─── Supplied records
(* In the hardware model described in the context, and for a program obeying the well-behavedness rules below, suppose a thread $T_i$ tags a node $n$ at time $t_t$ while $n$ is reachable in its data structure. If some thread $T_j$ frees $n$ at a time $t_f$ with $t_t < t_f$, then any conditional access to $n$ by $T_i$ at a time $t_d > t_f$ (with no re-tagging of $n$ by $T_i$ in between) fails. In particular, a conditional access never succeeds on a node that has been freed since it was tagged.
   Context: Model: threads operate on a shared memory organized into nodes, with a cache-coherence mechanism (e.g. MSI/MESI). Each thread maintains a set of tagged locations. Conditional-access instructions cread (read) and cwrite (write) satisfy: (P1) a conditional access atomically tags the accessed node on its first access by the thread and then conditionally performs the read/write; (P2) a conditional access succeeds only if none of the thread's tagged locations has been invalidated since it was tagged (on failure all tags are removed and the operation restarts); (P3) when a location is written, all cached copies at other threads are invalidated, thereby invalidating any tags on it held by other threads; (P4) conditional accesses may fail spuriously but never succeed spuriously. Well-behavedness: all shared-memory reads and writes of data-structure operations use cread/cwrite; reclaimer rule: a thread frees a node only after unlinking it and then writing to (marking) it; only one thread may free a given node.
   Formalization: The thread $T_j$ that frees n is distinct from $T_i$, and no re-tagging of n by $T_i$ occurs at any time in $(t_t, t_d]$, the access at $t_d$ included. Each condition added here is assumed in the paper as well or is needed for the statement above to hold. *)

From mathcomp Require Import all_boot.
Set Implicit Arguments. Unset Strict Implicit. Unset Printing Implicit Defensive.

Section Model.
Variables (Thread Node : eqType).

(* Hardware tag state: [tagged t n] = thread t currently holds a tag on n;
   [invalid t n] = that tag has been invalidated since it was placed. *)
Record hwstate := HwState {
  tagged  : Thread -> Node -> bool;
  invalid : Thread -> Node -> bool }.

Inductive access_kind := CRead | CWrite.

(* Well-behavedness requires that every
   shared-memory read/write of data-structure operations is a conditional
   access, so there are no plain memory accesses among the events. *)
Inductive event :=
  | Acc   of Thread & access_kind & Node & bool  (* cread/cwrite; bool = succeeded *)
  | Free  of Thread & Node
  | Evict of Thread & Node                       (* spurious invalidation (e.g. eviction) *)
  | Local of Thread.

Definition acc_step (s s' : hwstate) (i : Thread) (k : access_kind) (n : Node)
    (ok : bool) : Prop :=
  let first := ~~ tagged s i n in
  (* (P1) atomically tag the node on its first access (fresh tag: not invalidated) *)
  let tg1 := fun i' m => tagged s i' m || ((i' == i) && (m == n)) in
  let iv1 := fun i' m => invalid s i' m && ~~ [&& first, i' == i & m == n] in
  (* (P2) the access may succeed only if no tagged location was invalidated *)
  let valid := forall m, tg1 i m -> ~~ iv1 i m in
  if ok then
    valid /\ tagged s' = tg1 /\
    (* (P3) a write invalidates the copies (hence tags) held by other threads *)
    invalid s' = (fun i' m => iv1 i' m ||
        [&& (if k is CWrite then true else false), m == n, i' != i & tg1 i' m])
  else
    (* failure (possibly spurious, P4): all tags of [i] are removed *)
    tagged s' = (fun i' m => tg1 i' m && (i' != i)) /\
    invalid s' = (fun i' m => iv1 i' m && (i' != i)).

Definition step (s : hwstate) (e : event) (s' : hwstate) : Prop :=
  match e with
  | Acc i k n ok => acc_step s s' i k n ok
  | Evict i n => tagged s' = tagged s /\
      invalid s' = (fun i' m => invalid s i' m || ((i' == i) && (m == n)))
  | Free _ _ | Local _ => s' = s
  end.

(* An execution: states before each time step, the event performed at each
   time step, and the (program-level, abstract) reachability of nodes in the
   data structure at each time. *)
Record execution := Execution {
  st    : nat -> hwstate;
  ev    : nat -> event;
  reach : nat -> Node -> Prop;
  steps : forall t, step (st t) (ev t) (st t.+1) }.

Definition tags_at (X : execution) (t : nat) (i : Thread) (n : Node) : Prop :=
  exists k ok, ev X t = Acc i k n ok /\ ~~ tagged (st X t) i n.

(* Reclaimer rule: a thread frees a node only after unlinking it (from then on
   it is unreachable) and then writing to (marking) it; only one thread
   (indeed, one free event) frees a given node. *)
Definition well_behaved (X : execution) : Prop :=
  (forall tf j n, ev X tf = Free j n ->
     exists tu tw, [/\ tu < tw, tw < tf,
       (forall t, tu <= t <= tf -> ~ reach X t n) &
       ev X tw = Acc j CWrite n true]) /\
  (forall t t' j j' n, ev X t = Free j n -> ev X t' = Free j' n -> t = t').

End Model.

(* By the reclaimer rule T_j unlinked n strictly after t_t (n was
   still reachable then) and later performed a successful cwrite on n at some
   t_w with t_t < t_w < t_f. *)
From Pilot Require Import Defs.
From mathcomp Require Import all_boot zify.
Set Implicit Arguments. Unset Strict Implicit. Unset Printing Implicit Defensive.

Local Notation tagged := Pilot.Defs.tagged.

Section SingleStep.
Variables (Thread Node : eqType).
Implicit Types (s : hwstate Thread Node) (e : event Thread Node)
  (i j : Thread) (n : Node).

Lemma tag_appears_by_access s e (s' : hwstate Thread Node) i n :
  step s e s' -> ~~ tagged s i n -> tagged s' i n ->
  exists k ok, e = Acc i k n ok.
Proof.
case: e => [i' k m ok|i' m|i' m|i'] /=.
- rewrite /acc_step; case: ok => [[_ [-> _]]|[-> _]] /= /negbTE ->.
  + by case/andP=> /eqP <- /eqP <-; exists k, true.
  + by case/andP=> /andP [/eqP <- /eqP <-] _; exists k, false.
- by move=> -> /negbTE ->.
- by move=> [-> _] /negbTE ->.
- by move=> -> /negbTE ->.
Qed.

Lemma invalid_step s e (s' : hwstate Thread Node) i n :
  step s e s' -> tagged s i n -> tagged s' i n ->
  invalid s i n -> invalid s' i n.
Proof.
move=> Hstep Ht Ht' Hi.
(* A held tag is never the fresh tag of a first access, so no conjunct of
   the model's "fresh tag" reset applies to it. *)
have keep : forall i' m, ~~ [&& ~~ tagged s i' m, i == i' & n == m].
  move=> i' m; apply/negP => /and3P [Hn /eqP Ei /eqP En].
  by rewrite -Ei -En Ht in Hn.
case: e Hstep => [i' k m ok|i' m|i' m|i'] /=.
- rewrite /acc_step; case: ok => [[_ [_ ->]]|[Htg ->]] /=.
  + by rewrite Hi keep.
  + by move: Ht'; rewrite Htg /= Hi keep => /andP [_ ->].
- by move=> ->.
- by move=> [_ ->] /=; rewrite Hi.
- by move=> ->.
Qed.

Lemma cwrite_invalidates s (s' : hwstate Thread Node) i j n :
  acc_step s s' j CWrite n true -> i != j -> tagged s i n -> invalid s' i n.
Proof. by rewrite /acc_step => [[_ [_ ->]]] Hne Ht /=; rewrite eqxx Hne Ht orbT. Qed.

Lemma invalid_access_fails s (s' : hwstate Thread Node) i k n :
  tagged s i n -> invalid s i n -> ~ acc_step s s' i k n true.
Proof. by move=> Ht Hi [valid _]; move: (valid n); rewrite Ht Hi /= => /(_ isT). Qed.

End SingleStep.

Section Executions.
Variables (Thread Node : eqType) (X : execution Thread Node).
Implicit Types (i : Thread) (n : Node).

Lemma tag_held_backward i n a b :
  tagged (st X b) i n -> (forall t, a <= t < b -> ~ tags_at X t i n) ->
  forall t, a <= t <= b -> tagged (st X t) i n.
Proof.
elim: b => [|b IH] Hb Hno t /andP [Hat Htb].
  by move: Htb; rewrite leqn0 => /eqP ->.
case: (ltngtP t b.+1) Htb => // [Htb _|-> //].
have Hab : a <= b by apply: leq_trans Hat _.
have Htagb : tagged (st X b) i n.
  apply/negPn/negP => Hn.
  have [k [ok Hev]] := tag_appears_by_access (steps X b) Hn Hb.
  by apply: (Hno b); [rewrite Hab ltnSn | exists k, ok].
apply: IH => //; last by rewrite Hat.
by move=> t' /andP [Ha' Hb']; apply: Hno; rewrite Ha' ltnS ltnW.
Qed.

Lemma invalid_held_forward i n a b :
  a <= b -> (forall t, a <= t <= b -> tagged (st X t) i n) ->
  invalid (st X a) i n -> invalid (st X b) i n.
Proof.
elim: b => [|b IH] Hab Htag Ha; first by move: Hab; rewrite leqn0 => /eqP <-.
case: (ltngtP a b.+1) Hab => // [Hab _|<- //].
have Htag' : forall t, a <= t <= b -> tagged (st X t) i n.
  by move=> t /andP [Ht Htb]; apply: Htag; rewrite Ht ltnW.
apply: (invalid_step (steps X b)).
- by apply: Htag'; rewrite leqnn andbT -ltnS.
- by apply: Htag; rewrite leqnn andbT ltnW.
- exact: IH.
Qed.

Lemma freer_writes_after i n t_t t_f :
  well_behaved X -> reach X t_t n -> ev X t_f = Free i n -> t_t < t_f ->
  exists t_w, [/\ t_t < t_w, t_w < t_f & ev X t_w = Acc i CWrite n true].
Proof.
move=> [Hrecl _] Hreach Hfree Htf.
have [tu [tw [Huw Hwf Hunreach Hw]]] := Hrecl _ _ _ Hfree.
have Htu : t_t < tu.
  rewrite ltnNge; apply/negP => Hle.
  by apply: (Hunreach t_t) => //; rewrite Hle ltnW.
by exists tw; split => //; apply: ltn_trans Huw.
Qed.

End Executions.

Theorem theorem1 (Thread Node : eqType) (X : execution Thread Node)
  (Hwb : well_behaved X) (Ti Tj : Thread) (n : Node) (t_t t_f t_d : nat)
  (k : access_kind) (ok : bool) :
  tags_at X t_t Ti n ->
  reach X t_t n ->
  ev X t_f = Free Tj n ->
  Ti != Tj ->
  t_t < t_f ->
  t_f < t_d ->
  (forall t, t_t < t <= t_d -> ~ tags_at X t Ti n) ->
  ev X t_d = Acc Ti k n ok ->
  ok = false.
Proof.
move=> _ Hreach Hfree Hne Htf Hfd Hno Hd.
have Htd : t_t < t_d by apply: ltn_trans Hfd.
(* The access at t_d is not a tagging one, so the tag is already held. *)
have Htag_d : tagged (st X t_d) Ti n.
  by apply/negPn/negP => Hn; apply: (Hno t_d); [rewrite Htd leqnn | exists k, ok].
have Hheld : forall t, t_t < t <= t_d -> tagged (st X t) Ti n.
  apply: tag_held_backward Htag_d _ => t /andP [Ht Htb].
  by apply: Hno; rewrite Ht ltnW.
have [t_w [Htw Hwf Hw]] := freer_writes_after Hwb Hreach Hfree Htf.
have Hinv_w : invalid (st X t_w.+1) Ti n.
  have := steps X t_w; rewrite Hw => Hstep.
  by apply: (cwrite_invalidates Hstep Hne); apply: Hheld; lia.
have Hinv_d : invalid (st X t_d) Ti n.
  by apply: (invalid_held_forward (a := t_w.+1)) => // [|t Ht]; [lia | apply: Hheld; lia].
case: ok Hd => // Hd.
by have := steps X t_d; rewrite Hd => /(invalid_access_fails Htag_d Hinv_d).
Qed.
──────
== Task prompt ==
All lines above that contain the word "fresh" are to be copied.

== Output of the task ==
  (* (P1) atomically tag the node on its first access (fresh tag: not invalidated) *)
(* A held tag is never the fresh tag of a first access, so no conjunct of
   the model's "fresh tag" reset applies to it. *)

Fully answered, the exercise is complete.